The beauty of high cement, iron-bar prices

There is Portland cement. And there is mild steel. They are tough brothers.
Apart from Moses Golola, the irrepressible kick-boxer who takes being respected to a new level by eating ‘cement’ porridge for his breakfast, Portland cement and mild steel are mainly consumed by the construction industry.
Anyone who has ever been involved in construction on a modest scale (your nice little house in the suburban neighbourhood you could afford) cannot but marvel when they stand and gaze at 20-tonne trucks offloading iron bars and bags of cement at some of Kampala’s larger building sites. So huge are the quantities!
No wonder, when all these young upstarts appear on the scene to inspect one after another of their multi-floor building complexes taking shape in the urban jungle, many ordinary people suspect that some of the money involved may be the spoils amassed by movers and shakers of the vampire state.
When the production of cement and iron-bars goes down, and the prices in the hardware stores go up, it is mainly the tough, including the vampires, who keep buying.
Leviathan, the tax guzzler, is watching.
During the last two months, the price of cement has rapidly soared from around Shs29,500 to anywhere between Shs35,000 and Shs45,000 in different parts of the country.
The explanations given do not sound convincing. One cement manufacturer claimed that the (electric) power was not enough. The remarks of another producer suggested that the power supply was not clean, or smooth, or steady, or stable.

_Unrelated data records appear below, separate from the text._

(* Let $n\ge 4$ and $t\in[n-1]$ be integers, and let $S$ be a weak $(2n-2t)$-resolving set of $K_n\times K_n$, with $\overline{S}=V\setminus S$. For all distinct $i,i'\in[n]$: if there is some $j\in[n]$ with $(i,j)\in\overline S$ and $(i',j)\in\overline S$, then $|(L_i\cup L_{i'})\cap\overline S|\le 2t$; otherwise $|(L_i\cup L_{i'})\cap\overline S|\le 2t+1$.
   Context: $K_n\times K_n$ is the direct product of two complete graphs on $n$ vertices: vertex set $V=[n]\times[n]$ with $[n]=\{1,\dots,n\}$, and $(i,j)$ adjacent to $(i',j')$ iff $i\ne i'$ and $j\ne j'$. For $i\in[n]$, $L_i=\{(i,j):j\in[n]\}$ is a vertical layer. For vertices $x,y,z$ and $S\subseteq V$, $\Delta_z(x,y)=|d(x,z)-d(y,z)|$ (with $d$ the graph distance) and $\Delta_S(x,y)=\sum_{z\in S}\Delta_z(x,y)$. A set $S$ is a weak $k$-resolving set if $\Delta_S(x,y)\ge k$ for all distinct $x,y\in V$. *)

(* Vertices of K_n x K_n are pairs in 'I_n * 'I_n
   (0-based indexing of [n]). *)
From mathcomp Require Import all_boot.
Set Implicit Arguments. Unset Strict Implicit. Unset Printing Implicit Defensive.

Section KnKn.
Variable n : nat.
Definition vtx := ('I_n * 'I_n)%type.

Definition adj (x y : vtx) : bool := (x.1 != y.1) && (x.2 != y.2).

Fixpoint reach (k : nat) (x : vtx) : {set vtx} :=
  match k with
  | 0 => [set x]
  | k'.+1 => reach k' x :|: [set y | [exists z in reach k' x, adj z y]]
  end.

(* graph distance: least k with y reachable within k steps
   (returns #|[set: vtx]| if unreachable, which never happens for n >= 3) *)
Definition dist (x y : vtx) : nat :=
  find (fun k => y \in reach k x) (iota 0 #|[set: vtx]|).

Definition Delta (z x y : vtx) : nat :=
  (dist x z - dist y z) + (dist y z - dist x z).

Definition DeltaS (S : {set vtx}) (x y : vtx) : nat :=
  \sum_(z in S) Delta z x y.

Definition weak_resolving (k : nat) (S : {set vtx}) : Prop :=
  forall x y : vtx, x != y -> k <= DeltaS S x y.

Definition layer (i : 'I_n) : {set vtx} := [set x : vtx | x.1 == i].
End KnKn.

(* For n >= 3 the graph K_n x K_n has diameter 2. Two vertices x = (i,j) and
   y = (i',j) of one column are non-adjacent, and every z outside L_i ∪ L_i'
   is equidistant from them; hence Delta_z(x,y) vanishes off L_i ∪ L_i', is at
   most 1 on it, and exceeds 1 only at z = x or z = y. Summing over S, the
   resolving condition gives
     |(L_i ∪ L_i') \ S| <= 2t + [x ∈ S] + [y ∈ S].
   A column j in which both x and y avoid S yields 2t; otherwise the column of
   any vertex of (L_i ∪ L_i') \ S yields 2t + 1. *)

From mathcomp Require Import all_boot zify.
Set Implicit Arguments. Unset Strict Implicit. Unset Printing Implicit Defensive.

Lemma exists_neq2 (T : finType) (a b : T) : 2 < #|T| -> exists c, (c != a) && (c != b).
Proof.
move=> T3; have /set0Pn[c] : ~: [set a; b] != set0.
  by have := cardsC [set a; b]; rewrite -card_gt0 cards2; lia.
by rewrite !inE negb_or; exists c.
Qed.

Lemma sum_mem_card (T : finType) (S A : {set T}) :
  \sum_(z in S) (z \in A : nat) = #|S :&: A|.
Proof.
rewrite -sum1_card big_mkcond [RHS]big_mkcond; apply: eq_bigr => z _.
by rewrite inE; case: (z \in S); case: (z \in A).
Qed.

Lemma sum_pred1_mem (T : finType) (S : {set T}) (x : T) :
  \sum_(z in S) (z == x : nat) = (x \in S).
Proof.
rewrite big_mkcond (bigD1 x) //= eqxx big1 => [|z /negPf->]; last by case: (z \in S).
by rewrite addn0; case: (x \in S).
Qed.

Section KnKn.
Variable n : nat.
Implicit Types (x y z : vtx n) (i j : 'I_n).

Lemma mem_reach1 x y : (y \in reach 1 x) = (y == x) || adj x y.
Proof.
rewrite /= !inE; congr (_ || _); apply/existsP/idP => [[z /andP[]]|xy].
  by rewrite inE => /eqP->.
by exists x; rewrite inE eqxx.
Qed.

Lemma card_layerU i (i' : 'I_n) : i != i' -> #|layer i :|: layer i'| = 2 * n.
Proof.
move=> ii'; have -> : layer i :|: layer i' = setX [set i; i'] [set: 'I_n].
  by apply/setP => -[a b]; rewrite !inE andbT.
by rewrite cardsX cards2 ii' cardsT card_ord.
Qed.

Hypothesis n_gt2 : 2 < n.

Lemma mem_reach2 x y : y \in reach 2 x.
Proof.
have n3 : 2 < #|'I_n| by rewrite card_ord.
have [c /andP[c1 c2]] := exists_neq2 x.1 y.1 n3.
have [d /andP[d1 d2]] := exists_neq2 x.2 y.2 n3.
rewrite [reach 2 x]/= !inE -/(reach 1 x).
apply/orP; right; apply/existsP; exists (c, d).
by rewrite mem_reach1 /adj /= c2 d2 (eq_sym x.1) c1 (eq_sym x.2) d1 orbT.
Qed.

Lemma distE x y : dist x y = if x == y then 0 else if adj x y then 1 else 2.
Proof.
have N3 : 3 <= #|[set: vtx n]|.
  by rewrite cardsT card_prod card_ord; nia.
rewrite /dist -(subnKC N3) iotaD /= mem_reach1 mem_reach2 inE (eq_sym y).
by case: (x == y) => //; case: (adj x y).
Qed.

Lemma Delta_column_le z i (i' : 'I_n) j : i != i' ->
  Delta z (i, j) (i', j) <=
    (z \in layer i :|: layer i') + (z == (i, j)) + (z == (i', j)).
Proof.
move=> ii'; case: z => a b.
rewrite /Delta !distE /adj !inE /= !xpair_eqE !(eq_sym _ a) (eq_sym j b).
case: (a =P i) => [->|_]; first rewrite (negPf ii');
  by case: (a == i'); case: (b == j).
Qed.

Lemma DeltaS_column_le S i (i' : 'I_n) j : i != i' ->
  DeltaS S (i, j) (i', j) <=
    #|S :&: (layer i :|: layer i')| + ((i, j) \in S) + ((i', j) \in S).
Proof.
move=> ii'; rewrite /DeltaS -sum_mem_card -!sum_pred1_mem -!big_split.
by apply: leq_sum => z _; apply: Delta_column_le.
Qed.

Lemma weak_resolving_card_layerU_setC k S i (i' : 'I_n) j :
  weak_resolving k S -> i != i' ->
  k + #|(layer i :|: layer i') :&: ~: S| <= 2 * n + ((i, j) \in S) + ((i', j) \in S).
Proof.
move=> resS ii'.
have xy : (i, j) != (i', j) by rewrite xpair_eqE negb_and ii'.
have := resS _ _ xy.
have := DeltaS_column_le S j ii'.
have := cardsID S (layer i :|: layer i'); rewrite setDE setIC card_layerU //.
lia.
Qed.
End KnKn.

Theorem mainTheorem7 (n t : nat) (S : {set vtx n}) :
  4 <= n -> 1 <= t <= n - 1 ->
  weak_resolving (2 * n - 2 * t) S ->
  forall i i' : 'I_n, i != i' ->
    if [exists j : 'I_n, ((i, j) \in ~: S) && ((i', j) \in ~: S)]
    then #|(layer i :|: layer i') :&: ~: S| <= 2 * t
    else #|(layer i :|: layer i') :&: ~: S| <= 2 * t + 1.
Proof.
move=> /ltnW n_gt2 _ resS i i' ii'.
have bound j := weak_resolving_card_layerU_setC n_gt2 j resS ii'.
case: existsP => [[j /andP[]]|_].
  by rewrite !in_setC => /negPf ij /negPf i'j; have := bound j; rewrite ij i'j; lia.
case: (set_0Vmem ((layer i :|: layer i') :&: ~: S)) => [->|[[a j] aL]].
  by rewrite cards0.
rewrite !inE /= in aL; case/andP: aL => /orP[]/eqP-> /negPf aj;
  by have := bound j; rewrite aj; lia.
Qed.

The electricity people roundly rejected the power shortage claim, adding that they in fact had a surplus of megawatts on the grid.
About the quality of the power supply, I would suppose that one of the important tasks of industrial electronics engineers and technicians was to apply their expertise and install (or design and install) systems that are specially tailored to ‘clean’ the power supply to industrial machines.
President Museveni has been singing non-stop about scientists and their magical role in moving the economy forward. If Tororo Cement or Hima have not heard this song, then they might as well ‘go home’.
Now, I hope I have not suggested that the limited supply and high prices of our construction materials might be part of a deliberate scheme. That is not even remotely my intention. However, as they say, there is no wind that blows no body no good.
By coincidence – I would say a very happy coincidence – the crisis has come just a month or two before the 2018/19 Budget is upon us.
You would think things were falling in place by design; but of course there is no conspiracy.
In any case, if I were the multiplier of taxes, and I had enough mischief to make those vampires building everywhere pay where they cannot dodge, I would seize the moment, even if I hurt ‘my’ small people in the process. I would add a few percentage points on every cut where I could, until the adjustments bring the pre-crisis cement retail price close to the crazy crisis figures; say, from Shs29,500 to Shs34,000.
You can see how I would crucify and at the same time bring relief to the consumer, if – a big if – if I could persuade, convince, cajole or force the producers to restore their output to pre-crisis capacity; or even maybe to increase their production.
When a consumer who had been paying between Shs35,000 and Shs45,000 during the crisis is required to pay only Shs340,000 after the Budget, would they not celebrate?